__Information shown__.
Lemma pgf_trunc_decay N a n : (1 <= a <= n)%nat -> (n <= N)%nat ->
  pgf_trunc r N (exp (- (1 / INR a))) n <=
  cdfT r N n * exp (- (decay_rate A1 A2 * ln (INR n / INR a) / (ln (INR n) + 1))).
Proof.
  intros Ha HnN; set (L := ln (INR n) + 1); set (t := INR n / INR a).
  set (rho := decay_rate A1 A2); set (z := exp (- (1 / INR a))).
  assert (Hai : 0 < INR a) by (apply INR_pos_of_ge1; lia).
  assert (Hn1 : 1 <= INR n) by (rewrite <- INR_1; apply le_INR; lia).
  assert (HL : 1 <= L) by (unfold L; pose proof (ln_le_mono 1 (INR n)); rewrite ln_1 in *; lra).
  assert (Ht1 : 1 <= t).
  { unfold t; apply Rmult_le_reg_r with (INR a); auto.
    replace (INR n / INR a * INR a) with (INR n) by (field; lra).
    rewrite Rmult_1_l; apply le_INR; lia. }
  assert (Hlt0 : 0 <= ln t) by (rewrite <- ln_1; apply ln_le_mono; lra).
  assert (Hlt : ln t <= ln (INR (S n)) - ln (INR a)).
  { unfold t, Rdiv; rewrite ln_mult, ln_Rinv by (try apply Rinv_0_lt_compat; lra).
    enough (ln (INR n) <= ln (INR (S n))) by lra.
    apply ln_le_mono; [lra | apply le_INR; lia]. }
  assert (HRn : 0 < RN r n) by (apply RN_pos; auto; lia).
  assert (HRN : 0 < RN r N) by (apply RN_pos; auto; lia).
  assert (Hloss := pgf_mass_loss_ge a n Ha); fold z in Hloss.
  assert (Hsplit : sum1 (fun i => r i * z ^ i) n =
                   RN r n - sum1 (fun i => r i * (1 - z ^ i)) n).
  { unfold RN; rewrite (sum1_ext r (fun i => r i * z ^ i + r i * (1 - z ^ i))) by (intros; ring).
    rewrite sum1_plus; ring. }
  assert (Hrate : rho * ln t / L * RN r n <= (1 - exp (-1)) * A1 * ln t).
  { assert (HRL : RN r n <= A2 * L) by (apply RN_le_ln; lia).
    assert (Hrho : 0 < rho) by apply decay_rate_pos.
    apply Rle_trans with (rho * ln t / L * (A2 * L)).
    - apply Rmult_le_compat_l; auto.
      apply Rmult_le_pos; [apply Rmult_le_pos|left; apply Rinv_0_lt_compat]; lra.
    - right; unfold rho, decay_rate; field; pose proof A1_le_A2; lra. }
  rewrite pgf_trunc_eq, cdfT_eq by (auto; lia); fold z.
  unfold Rdiv at 1 2; rewrite (Rmult_comm (RN r n)), Rmult_assoc, (Rmult_comm (/ RN r N)).
  apply Rmult_le_compat_r; [left; apply Rinv_0_lt_compat; auto|].
  rewrite Hsplit; apply Rle_trans with (RN r n * (1 - rho * ln t / L)).
  - pose proof exp_m1_lt_1.
    assert ((1 - exp (-1)) * A1 * ln t <= (1 - exp (-1)) * A1 * (ln (INR (S n)) - ln (INR a)))
      by (apply Rmult_le_compat_l; [apply Rmult_le_pos|]; lra).
    lra.
  - apply Rmult_le_compat_l; [lra | apply one_sub_le_exp_opp].
Qed.
(* Let $r,s,t\in[0,1]$. (i) If $s\prec r\prec t$, then $d(s,t)\ge\min(x_r^t,\Delta_r-x_r^t)$. (ii) If $s<t$, then $d(s,t)\le X^{\mathrm{exc}}_s+X^{\mathrm{exc}}_{t-}-2I_s^t$.
   Context: Fix $\alpha\in(1,2)$. Let $X$ be the spectrally positive $\alpha$-stable Lévy process with $\mathbb{E}[e^{-\lambda X_t}]=e^{t\lambda^\alpha}$ ($\lambda>0$). With $\underline g_1=\sup\{s\le1:X_s=\inf_{[0,s]}X\}$ and $\underline d_1=\inf\{s>1:X_s=\inf_{[0,s]}X\}$, the normalized excursion is $X^{\mathrm{exc}}_s=(\underline d_1-\underline g_1)^{-1/\alpha}(X_{\underline g_1+s(\underline d_1-\underline g_1)}-X_{\underline g_1})$, $s\in[0,1]$. Write $\Delta_t=X^{\mathrm{exc}}_t-X^{\mathrm{exc}}_{t-}$ for $t\in(0,1]$, $\Delta_0=0$, $X^{\mathrm{exc}}_{0-}=0$, $I_s^t=\inf_{[s,t]}X^{\mathrm{exc}}$. For $s,t\in[0,1]$: $s\preccurlyeq t$ iff $s\le t$ and $X^{\mathrm{exc}}_{s-}\le I_s^t$; $s\prec t$ iff $s\preccurlyeq t$ and $s\ne t$; $s\wedge t$ is the most recent common ancestor of $s,t$ for $\preccurlyeq$. For $s\preccurlyeq t$, $x_s^t=I_s^t-X^{\mathrm{exc}}_{s-}\in[0,\Delta_s]$. For $a,b\in[0,\Delta_t]$, $\delta_t(a,b)=\min(|a-b|,\Delta_t-|a-b|)$. For $s\preccurlyeq t$, $d_0(s,t)=\sum_{s\prec r\preccurlyeq t}\delta_r(0,x_r^t)$; for all $s,t$, $d(s,t)=\delta_{s\wedge t}(x^s_{s\wedge t},x^t_{s\wedge t})+d_0(s\wedge t,s)+d_0(s\wedge t,t)$. *)

From HB Require Import structures.
From mathcomp Require Import all_boot all_order all_algebra.
From mathcomp Require Import all_classical all_reals all_analysis.
Set Implicit Arguments. Unset Strict Implicit. Unset Printing Implicit Defensive.
Import Order.TTheory GRing.Theory Num.Theory.
Import numFieldNormedType.Exports.
Local Open Scope classical_set_scope.
Local Open Scope ring_scope.

Section PathDefs.
Variable R : realType.
Implicit Types (e f : R -> R) (s t u r v a b : R).

Definition Iinf f s t : R := inf [set f u | u in `[s, t]].

Definition lft f t : R := if t == 0 then 0 else lim (f x @[x --> t^'-]).

Definition jmp f t : R := if t == 0 then 0 else f t - lft f t.

Definition anc f s t : Prop :=
  [/\ 0 <= s, t <= 1, s <= t & lft f s <= Iinf f s t].

Definition sanc f s t : Prop := anc f s t /\ s <> t.

Definition mrca f s t : R :=
  xget 0 [set u | anc f u s /\ anc f u t /\
                  (forall v, anc f v s -> anc f v t -> anc f v u)].

Definition xpos f s t : R := Iinf f s t - lft f s.

Definition ldelta f t a b : R := Num.min `|a - b| (jmp f t - `|a - b|).

Definition d0 f s t : \bar R :=
  (\esum_(r in [set r | sanc f s r /\ anc f r t]) (ldelta f r 0 (xpos f r t))%:E)%E.

Definition ldist f s t : \bar R :=
  let u := mrca f s t in
  ((ldelta f u (xpos f u s) (xpos f u t))%:E + d0 f u s + d0 f u t)%E.

Definition runinf f s : R := Iinf f 0 s.
Definition gone f : R := sup [set s | 0 <= s <= 1 /\ f s = runinf f s].
Definition done_ f : R := inf [set s | 1 < s /\ f s = runinf f s].

Definition normexc (alpha : R) f : R -> R := fun s =>
  (done_ f - gone f) `^ (- alpha^-1) *
  (f (gone f + s * (done_ f - gone f)) - f (gone f)).
End PathDefs.

Section ProcessDefs.
Local Open Scope ereal_scope.
Context {R : realType} {d : measure_display} {T : measurableType d}.

Definition mutually_indep (P : probability T R) (n : nat) (Y : 'I_n -> T -> R) : Prop :=
  forall B : 'I_n -> set R, (forall i, measurable (B i)) ->
    P (\bigcap_(i in [set: 'I_n]) (Y i @^-1` B i)) = \prod_(i < n) P (Y i @^-1` B i).

(* X is the spectrally positive alpha-stable Levy process with
   E[exp(-lambda X_t)] = exp(t lambda^alpha); we take a cadlag version. *)
Definition stable_spos_levy (alpha : R) (P : probability T R) (X : R -> T -> R) : Prop :=
  (forall w, X 0%R w = 0%R) /\
      (forall t, measurable_fun setT (X t)) /\
      (forall w t, (0 <= t)%R -> X^~ w x @[x --> t^'+] --> X t w) /\
      (forall w t, (0 < t)%R -> cvg (X^~ w x @[x --> t^'-])) /\
      (forall n (ts : 'I_n.+1 -> R), (0 <= ts ord0)%R ->
          (forall i j : 'I_n.+1, (i <= j)%N -> (ts i <= ts j)%R) ->
          mutually_indep P (fun i : 'I_n => fun w =>
             (X (ts (lift ord0 i)) w - X (ts (widen_ord (leqnSn n) i)) w)%R)) /\
      (forall s t (B : set R), (0 <= s)%R -> (0 <= t)%R -> measurable B ->
          P [set w | (X (s + t) w - X s w)%R \in B] = P [set w | X t w \in B]) /\
      (forall t lam, (0 <= t)%R -> (0 < lam)%R ->
          \int[P]_w (expR (- (lam * X t w)))%:E = (expR (t * lam `^ alpha))%:E).
End ProcessDefs.

From HB Require Import structures.
From mathcomp Require Import all_boot all_order all_algebra.
From mathcomp Require Import all_classical all_reals all_analysis.
From mathcomp Require Import ring lra.
Import Order.TTheory GRing.Theory Num.Theory.
Import numFieldNormedType.Exports.
Set Implicit Arguments. Unset Strict Implicit. Unset Printing Implicit Defensive.
Local Open Scope classical_set_scope.
Local Open Scope ring_scope.

(* Everything holds path by path. The normalized excursion is a nonnegative multiple
   of an affine time change of a cadlag path, so on [0, 1] it vanishes at 0, is
   bounded below, has left limits, and is right-continuous (or, when the junk values
   of g_1 and d_1 reverse time, left-continuous and hence without jumps).
   (i) If s < r < t in the genealogy, then s is the most recent common ancestor of s
   and t, all terms of d(s, t) are nonnegative, and the summand of d_0(s, t) at r is
   delta_r(0, x_r^t) = min(x_r^t, Delta_r - x_r^t).
   (ii) Along ancestors r_1 < ... < r_n of t one has X_{r_(i+1)-} >= I_{r_i}^t, so the
   x_{r_i}^t telescope: d_0(u, t) <= X_{t-} - I_u^t and d_0(u, s) <= X_s - I_u^s.
   For u = s /\ t, maximality and right continuity give I_u^t = I_s^t, and
   delta_u <= x_u^s - x_u^t = I_u^s - I_u^t; the three bounds add up to
   X_s + X_{t-} - 2 I_s^t. *)

Section Preliminaries.
Variable R : realType.

Definition lbounded_on (f : R -> R) a b := exists M, forall x, a <= x <= b -> M <= f x.

Lemma near_at_left_itv (a : R) (P : R -> Prop) : (\forall x \near a^'-, P x) ->
  exists2 d, 0 < d & forall x, a - d < x < a -> P x.
Proof.
rewrite near_withinE => /nbhs_ballP [d /= d0 H]; exists d => // x /andP[h1 h2].
apply: H => //; rewrite /ball /= gtr0_norm ?subr_gt0 //.
by rewrite ltrBlDr -ltrBlDl.
Qed.

Lemma near_at_right_itv (a : R) (P : R -> Prop) : (\forall x \near a^'+, P x) ->
  exists2 d, 0 < d & forall x, a < x < a + d -> P x.
Proof.
rewrite near_withinE => /nbhs_ballP [d /= d0 H]; exists d => // x /andP[h1 h2].
apply: H => //; rewrite /ball /= ltr0_norm ?subr_lt0 // opprB.
by rewrite ltrBlDl.
Qed.

(* An [esum] is a supremum over finite subfamilies, including the empty one. *)
Lemma esum_ge0_any (S : set R) (a : R -> \bar R) : (0 <= \esum_(i in S) a i)%E.
Proof. by apply: esum_ge; exists set0; [exact: fsets_set0|rewrite fsbig_set0]. Qed.

Lemma esum_le0 (S : set R) (a : R -> \bar R) :
  (forall r, S r -> (a r <= 0)%E) -> (\esum_(i in S) a i <= 0)%E.
Proof.
move=> H; apply: ge_ereal_sup => _ [A [finA AS] <-].
by apply: fsume_le0 => r Ar; apply: H; apply: AS.
Qed.

Lemma esum_empty (S : set R) (a : R -> \bar R) :
  (forall r, ~ S r) -> \esum_(i in S) a i = 0%E.
Proof.
by move=> H; rewrite (_ : S = set0) ?esum_set0 //; apply/predeqP => r; split => // /H.
Qed.

End Preliminaries.

Section Genealogy.
Variable R : realType.
Variable e : R -> R.

Definition left_lims := forall t, 0 < t <= 1 -> cvg (e x @[x --> t^'-]).

Hypothesis e_lb : lbounded_on e 0 1.
Hypothesis e_ll : left_lims.

Lemma Iinf_le s t x : 0 <= s -> t <= 1 -> s <= x <= t -> Iinf e s t <= e x.
Proof.
move=> s0 t1 /andP[sx xt]; have [M HM] := e_lb; rewrite /Iinf.
have : has_lbound [set e u | u in `[s, t]].
  exists M => _ [u /= + <-]; rewrite in_itv /= => /andP[su ut].
  by apply: HM; rewrite (le_trans s0 su) (le_trans ut t1).
by move/ge_inf; apply; exists x => //=; rewrite in_itv /= sx xt.
Qed.

Lemma Iinf_le_l s t : 0 <= s -> s <= t -> t <= 1 -> Iinf e s t <= e s.
Proof. by move=> s0 st t1; apply: Iinf_le => //; rewrite lexx st. Qed.

Lemma Iinf_le_r s t : 0 <= s -> s <= t -> t <= 1 -> Iinf e s t <= e t.
Proof. by move=> s0 st t1; apply: Iinf_le => //; rewrite lexx st. Qed.

Lemma lb_le_Iinf s t B : s <= t -> (forall x, s <= x <= t -> B <= e x) ->
  B <= Iinf e s t.
Proof.
move=> st H; apply: lb_le_inf; first by exists (e s), s => //=; rewrite in_itv /= lexx st.
by move=> _ [u /= + <-]; rewrite in_itv /= => /H.
Qed.

Lemma Iinf_lt_exists s t B : s <= t -> Iinf e s t < B ->
  exists2 x, s <= x <= t & e x < B.
Proof.
move=> st; apply: contraPP => /forall2NP Hn; apply/negP; rewrite -leNgt.
by apply: lb_le_Iinf => // x xst; case: (Hn x) => [//|/negP]; rewrite -leNgt.
Qed.

Lemma Iinfxx s : 0 <= s <= 1 -> Iinf e s s = e s.
Proof.
move=> /andP[s0 s1]; apply/le_anti; rewrite Iinf_le_l //=.
by apply: lb_le_Iinf => // x /andP[a b]; rewrite (@le_anti _ _ x s) ?a ?b.
Qed.

Lemma Iinf_subitv a a' b' b : 0 <= a -> a <= a' -> a' <= b' -> b' <= b -> b <= 1 ->
  Iinf e a b <= Iinf e a' b'.
Proof.
move=> a0 aa ab bb b1; apply: lb_le_Iinf => // x /andP[ax xb].
by apply: Iinf_le => //; rewrite (le_trans aa ax) (le_trans xb bb).
Qed.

__What this task involves__.
Within the data above, the lines from the one with "intros Ha HnN;" to the one with "assert (Ht1 : 1 <= t)." must be repeated exactly; no other line belongs in the answer.

__Exercise result__.
  intros Ha HnN; set (L := ln (INR n) + 1); set (t := INR n / INR a).
  set (rho := decay_rate A1 A2); set (z := exp (- (1 / INR a))).
  assert (Hai : 0 < INR a) by (apply INR_pos_of_ge1; lia).
  assert (Hn1 : 1 <= INR n) by (rewrite <- INR_1; apply le_INR; lia).
  assert (HL : 1 <= L) by (unfold L; pose proof (ln_le_mono 1 (INR n)); rewrite ln_1 in *; lra).
  assert (Ht1 : 1 <= t).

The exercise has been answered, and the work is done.